You're right, it should be possible for almost everyone to solve it 
eventually. I would prefer a system without a manual-recovery failure 
state, but I agree that it wouldn't be hit often enough to be a 
significant problem.

>> A possible fix would be to add a timeout to the specification
>> after
>> which the lock can be automatically removed, or to require
>> programs to
>> implement an interactive recovery.
>
> Hmm, I like this idea, but I don't see how to keep it simple
> enough.  This sounds complicated.
>
>> I think a loopback daemon that listens for TCP on a specific port
>> would
>> be much simpler.
>
> But wouldn't firewalling software want to block this by default?  I
> think the average user is too unsophisticated to adjust their
> software firewall settings.

I can't speak for Unix, but on Windows an open port that only listens 
for connections from localhost is always allowed and doesn't show any 
warning to the user when it's created for the first time, afaik. Most 
3rd party firewalls should behave the same way, if they warn about it 
there should be an option to whitelist the program directly.

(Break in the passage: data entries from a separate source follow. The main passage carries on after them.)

Lemma flow_solves s : 0 <= s <= 1 -> solves_linear_ode 0 1 alpha (F s).
Proof. by move=> /F_flow[_ []]. Qed.

Lemma flow_cocycle s w t : 0 <= s <= 1 -> 0 <= w <= 1 -> 0 <= t <= 1 ->
  F w t = F s t *m F w s.
Proof.
move=> s01 w01.
apply: (@linear_ode_uniq R 0 1 d alpha alpha_continuous d (F w) (fun t => F s t *m F w s) s).
- exact: flow_continuous.
- by apply: mxcontinuous_mul; [exact: flow_continuous|exact: mxcontinuous_cst].
- exact: flow_solves.
- exact/solves_linear_ode_mulmxr/flow_solves.
- exact: s01.
- by have [-> _] := F_flow s01; rewrite mul1mx.
Qed.

Lemma flow_mulmx_inv s w : 0 <= s <= 1 -> 0 <= w <= 1 -> F s w *m F w s = 1%:M.
Proof. by move=> s01 w01; rewrite -flow_cocycle //; have [] := F_flow w01. Qed.

Lemma flow_unitmx s w : 0 <= s <= 1 -> 0 <= w <= 1 -> F s w \in unitmx.
Proof. by move=> s01 w01; have [] := mulmx1_unit (flow_mulmx_inv s01 w01). Qed.

Lemma invmx_flow s w : 0 <= s <= 1 -> 0 <= w <= 1 -> invmx (F s w) = F w s.
Proof.
move=> s01 w01; have uF := flow_unitmx s01 w01.
by rewrite -[RHS](mulKmx uF) flow_mulmx_inv // mulmx1.
Qed.

(* The flow is continuous in its initial time because [F w u = F 0 u (F 0 w)^-1]. *)
Lemma flow_continuous_source u : 0 <= u <= 1 -> mxcontinuous `[0, 1] (fun w => F w u).
Proof.
have O01 : (0 : R) <= (0 : R) <= (1 : R) by rewrite lexx ler01.
move=> u01 i j; apply: (subspace_eq_continuous (f := fun w => (F 0 u *m invmx (F 0 w)) i j)).
  by move=> w; rewrite inE /= in_itv /= => w01; rewrite invmx_flow // -flow_cocycle.
apply: mxcontinuous_mul; first exact: mxcontinuous_cst.
apply: mxcontinuous_inv; last exact: flow_continuous.
by move=> w; rewrite /mkset in_itv /=; exact: flow_unitmx.
Qed.

Variables (q : nat) (sG : R -> 'M[R]_(d, q)).
Hypothesis sG_continuous : mxcontinuous `[0, 1] sG.

Lemma mxcontinuous_hmat_integrand u : 0 <= u <= 1 ->
  mxcontinuous `[0, 1] (fun w => F w u *m Gam sG w *m (F w u)^T).
Proof.
move=> u01; have cFu := flow_continuous_source u01.
apply: mxcontinuous_mul; last exact: mxcontinuous_tr.
apply: mxcontinuous_mul => //.
by apply: mxcontinuous_mul => //; exact: mxcontinuous_tr.
Qed.

Lemma hmat_itv_split u l mid r : 0 <= u <= 1 -> 0 <= l -> l <= mid -> mid <= r -> r <= 1 ->
  hmat F sG u l r = hmat F sG u l mid + hmat F sG u mid r.
Proof.
move=> u01 l0 lm mr r1; apply: mxRintegral_itv_split lm mr _.
apply: mxcontinuousW (mxcontinuous_hmat_integrand u01).
by apply: subset_itv; rewrite bnd_simp.
Qed.

Lemma hmat_rebase u v s t : 0 <= u <= 1 -> 0 <= v <= 1 -> 0 <= s -> t <= 1 ->
  hmat F sG u s t = F v u *m hmat F sG v s t *m (F v u)^T.
Proof.
move=> u01 v01 s0 t1.
have sub01 : `[s, t] `<=` `[0, 1] by apply: subset_itv; rewrite bnd_simp.
have hmatE w : hmat F sG w s t =
  mxRintegral s t (fun x => F x w *m Gam sG x *m (F x w)^T) by [].
have cv := mxcontinuousW sub01 (mxcontinuous_hmat_integrand v01).
rewrite !hmatE -mxRintegral_mull // -mxRintegral_mulr; last first.
  by apply: mxcontinuous_mul => //; exact: mxcontinuous_cst.
apply: eq_mxRintegral => w /andP[sw wt].
have w01 : 0 <= w <= 1 by rewrite (le_trans s0 sw) (le_trans wt t1).
by rewrite (flow_cocycle v01 w01 u01) trmx_mul !mulmxA.
Qed.

End Flow.

Section MatrixInverse.
Variables (R : fieldType) (n : nat).
Implicit Types A B G Q S : 'M[R]_n.

Lemma invmxM A B : A \in unitmx -> B \in unitmx -> invmx (A *m B) = invmx B *m invmx A.
Proof.
move=> uA uB; have uAB : A *m B \in unitmx by rewrite unitmx_mul uA uB.
have AB_inv : A *m B *m (invmx B *m invmx A) = 1%:M.
  by rewrite mulmxA mulmxK // mulmxV.
by rewrite -[LHS]mulmx1 -AB_inv mulmxA mulVmx ?mul1mx.
Qed.

Lemma mulmx_invmx_congruence G Q : G \in unitmx -> Q \in unitmx ->
  G^T *m invmx (G *m Q *m G^T) *m G = invmx Q.
Proof.
move=> uG uQ; have uGT : G^T \in unitmx by rewrite unitmx_tr.
have uGQ : G *m Q \in unitmx by rewrite unitmx_mul uG uQ.
by rewrite invmxM // invmxM // !mulmxA mulmxV // mul1mx mulmxKV.
Qed.

Lemma invmx_parallel_sum A B : A \in unitmx -> B \in unitmx -> A + B \in unitmx ->
  invmx (A *m invmx (A + B) *m B) = invmx A + invmx B.
Proof.
move=> uA uB uAB; have uAiAB : A *m invmx (A + B) \in unitmx.
  by rewrite unitmx_mul uA unitmx_inv.
rewrite invmxM // invmxM ?unitmx_inv // invmxK mulmxDl mulmxV // mulmxDr mulmx1.
by rewrite mulmxA mulVmx // mul1mx addrC.
Qed.

Lemma invmx_mul_tr_mulmx S : S \in unitmx -> invmx (S *m S^T) *m S = (invmx S)^T.
Proof.
move=> uS; have uST : S^T \in unitmx by rewrite unitmx_tr.
by rewrite invmxM // -mulmxA mulVmx // mulmx1 trmx_inv.
Qed.

Lemma invmx_parallel_sum_congruence G s A B A0 B0 : G \in unitmx -> s \in unitmx ->
  s *m s^T = A *m invmx (A + B) *m B -> A = G *m A0 *m G^T -> B = G *m B0 *m G^T ->
  G^T *m (invmx s)^T = invmx A0 *m invmx G *m s + invmx B0 *m invmx G *m s /\
  invmx (A *m invmx (A + B) *m B) = invmx A + invmx B.
Proof.
move=> uG us sigma_sq hA hB.
have : A *m invmx (A + B) *m B \in unitmx by rewrite -sigma_sq unitmx_mul unitmx_tr us.
rewrite !unitmx_mul unitmx_inv => /andP[/andP[uA uAB] uB].
have uA0 : A0 \in unitmx by move: uA; rewrite hA !unitmx_mul => /andP[/andP[]].
have uB0 : B0 \in unitmx by move: uB; rewrite hB !unitmx_mul => /andP[/andP[]].
split; last exact: invmx_parallel_sum.
rewrite -(mulmx_invmx_congruence uG uA0) -(mulmx_invmx_congruence uG uB0) -hA -hB.
rewrite !(mulmxK uG) -mulmxDl -mulmxDr -invmx_parallel_sum // -sigma_sq.
by rewrite -mulmxA invmx_mul_tr_mulmx.
Qed.

End MatrixInverse.

Lemma cholesky_factor_unitmx (R : realType) n (S s : 'M[R]_n) : is_cholesky S s ->
  s \in unitmx.
Proof.
move=> [s_lower [s_diag _]].
rewrite unitmxE unitfE det_trig; last exact/is_trig_mxP.
by rewrite gt_eqF // prodr_gt0.
Qed.

Lemma dyadic_partition_bounds (R : realDomainType) (l mid r : nat -> nat -> R) :
  l 1%N 0%N = 0 -> r 1%N 0%N = 1 ->
  (forall n k, (1 <= n)%N -> (k < 2 ^ n.-1)%N ->
     [/\ l n k <= mid n k <= r n k, l n.+1 k.*2 = l n k, r n.+1 k.*2 = mid n k,
         l n.+1 k.*2.+1 = mid n k & r n.+1 k.*2.+1 = r n k]) ->
  forall n k, (1 <= n)%N -> (k < 2 ^ n.-1)%N -> 0 <= l n k /\ r n k <= 1.
Proof.
move=> l10 r10 split; elim => [//|[_ k _|n IH k _ hk]].
  by rewrite expn0 ltnS leqn0 => /eqP ->; rewrite l10 r10.
have hk2 : (k./2 < 2 ^ n)%N by rewrite ltn_half_double -mul2n -expnS.
have [/andP[lm mr] l2 r2 l2' r2'] := split n.+1 k./2 isT hk2.
have [l_ge0 r_le1] := IH k./2 isT hk2.
rewrite -(odd_double_half k); case: (odd k).
- by rewrite add1n l2' r2'; split=> //; exact: le_trans lm.
- by rewrite add0n l2 r2; split=> //; exact: le_trans mr r_le1.
Qed.

Unset Implicit Arguments.

Theorem proposition3 (R : realType) (d m : nat)
  (alpha : R -> 'M[R]_d) (sG : R -> 'M[R]_(d, m)) (F : R -> R -> 'M[R]_d)
  (rho : R) (l mid r : nat -> nat -> R) (sig : nat -> nat -> 'M[R]_d) :
  (0 < d)%N -> (0 < m)%N ->
  (forall i j, {within `[0, 1], continuous (fun t : R => alpha t i j)}) ->
  (forall i j, {within `[0, 1], continuous (fun t : R => sG t i j)}) ->
  is_flow alpha F ->
  (forall u v, 0 <= u -> u < v -> v <= 1 ->
     posdef (F u v *m hmat F sG u u v *m (F u v)^T)) ->
  0 < rho < 1 ->
  l 1%N 0%N = 0 -> r 1%N 0%N = 1 ->
  (forall n k, (1 <= n)%N -> (k < 2 ^ n.-1)%N ->
     (l n k < mid n k /\ mid n k < r n k) /\
     (l n.+1 k.*2 = l n k /\ r n.+1 k.*2 = mid n k) /\
     (l n.+1 k.*2.+1 = mid n k /\ r n.+1 k.*2.+1 = r n k) /\
     (r n k - mid n k < rho * (r n k - l n k) /\
      mid n k - l n k < rho * (r n k - l n k))) ->
  (forall n k, (1 <= n)%N -> (k < 2 ^ n.-1)%N ->
     is_cholesky
       (hmat F sG (mid n k) (l n k) (mid n k)
        *m invmx (hmat F sG (mid n k) (l n k) (r n k))
        *m hmat F sG (mid n k) (mid n k) (r n k))
       (sig n k)) ->
  forall n k, (1 <= n)%N -> (k < 2 ^ n.-1)%N ->
    let lk := l n k in let mk := mid n k in let rk := r n k in
    let h := hmat F sG 0 in
    let g := fun t => F 0 t in
    let Sig := hmat F sG mk lk mk *m invmx (hmat F sG mk lk rk)
               *m hmat F sG mk mk rk in
    let L := invmx (h lk mk) *m invmx (g mk) *m sig n k in
    let Rm := invmx (h mk rk) *m invmx (g mk) *m sig n k in
    let M := (g mk)^T *m (invmx (sig n k))^T in
    M = L + Rm /\
    invmx Sig = invmx (hmat F sG mk lk mk) + invmx (hmat F sG mk mk rk).
Proof.
move=> _ _ alpha_cont sG_cont F_flow _ _ l10 r10 part chol n k n1 k_lt; cbv zeta.
have [[lm mr] _] := part n k n1 k_lt.
have [l_ge0 r_le1] : 0 <= l n k /\ r n k <= 1.
  apply: (dyadic_partition_bounds l10 r10) => // n' k' n'1 k'_lt.
  by have [[? ?] [[-> ->] [[-> ->] _]]] := part n' k' n'1 k'_lt; rewrite !ltW.
have O01 : (0 : R) <= (0 : R) <= (1 : R) by rewrite lexx ler01.
have mk01 : 0 <= mid n k <= 1.
  by rewrite (le_trans l_ge0 (ltW lm)) (le_trans (ltW mr) r_le1).
have [_ [_ sigma_sq]] := chol n k n1 k_lt.
have hsplit := hmat_itv_split alpha_cont F_flow sG_cont mk01 l_ge0 (ltW lm) (ltW mr) r_le1.
rewrite hsplit in sigma_sq *.
apply: invmx_parallel_sum_congruence sigma_sq _ _.
- exact: flow_unitmx.
- exact: cholesky_factor_unitmx (chol n k n1 k_lt).
- by apply: hmat_rebase; rewrite // (le_trans (ltW mr) r_le1).
- by apply: hmat_rebase; rewrite // (le_trans l_ge0 (ltW lm)).
Qed.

>> As almost all applications that use OTR would be
>> networked, a TCP connection would require no additional
>> dependencies,
>> unlike XML or JSON which are not included in every standard
>> library.
>
> Good point.
>
>> It would also be trivial to enforce compatibility: If the daemon
>> accepts
>> only (and validates) e.g. UTF-8 and a specific binary command and
>> reply
>> format, it becomes impossible for a program to work by itself but
>> fail
>> when another one is in use.
>
>> The server would only need a few atomic commands, e.g.:
>> Add/Update, Mark
>> as Revoked, Get Info and List Signatures. There would have to be a
>> reliable specification about how to associate specific accounts
>> with the
>> signatures (and possibly how to attach additional meta-data. I
>> think the
>> client applications should store non-portable data themselves,
>> separately, though.), but that is the same issue as with files.
>> All additional debug and management commands (Remove...) and the
>> underlying representation could be abstracted away from the
>> consumer or
>> optional.
>
> That part sounds great.
>
>> The only problem I see with this is that starting the daemon or
>> service
>> wouldn't be platform agnostic, but the configuration files'
>> location
>> wouldn't be either, so it probably would be a simple branch in
>> either
>> case, in the client.
>
> Agreed.  This gets ugly as each OS has different service
> management!  Even Ubuntu's service framework is different from many
> other linux distros.

I think a simple executable in user-mode would be enough, running a 
loopback service and changing %appdata% doesn't require elevated 
privileges. On my system gpg-agent is started on demand this way, if one 
already runs the new instance exits after verifying that the running one 
is active. (The port number is taken from a file, or maybe written to it 
after the agent starts. It may have to look for a free one.)

On Unix systems it seems to use domain/IPC sockets, which are unaffected 
by firewalls and controlled by file permissions instead. I imagine the 
implementation is platform-agnostic after starting the agent process and 
getting streams connected to the TCP/IPC socket.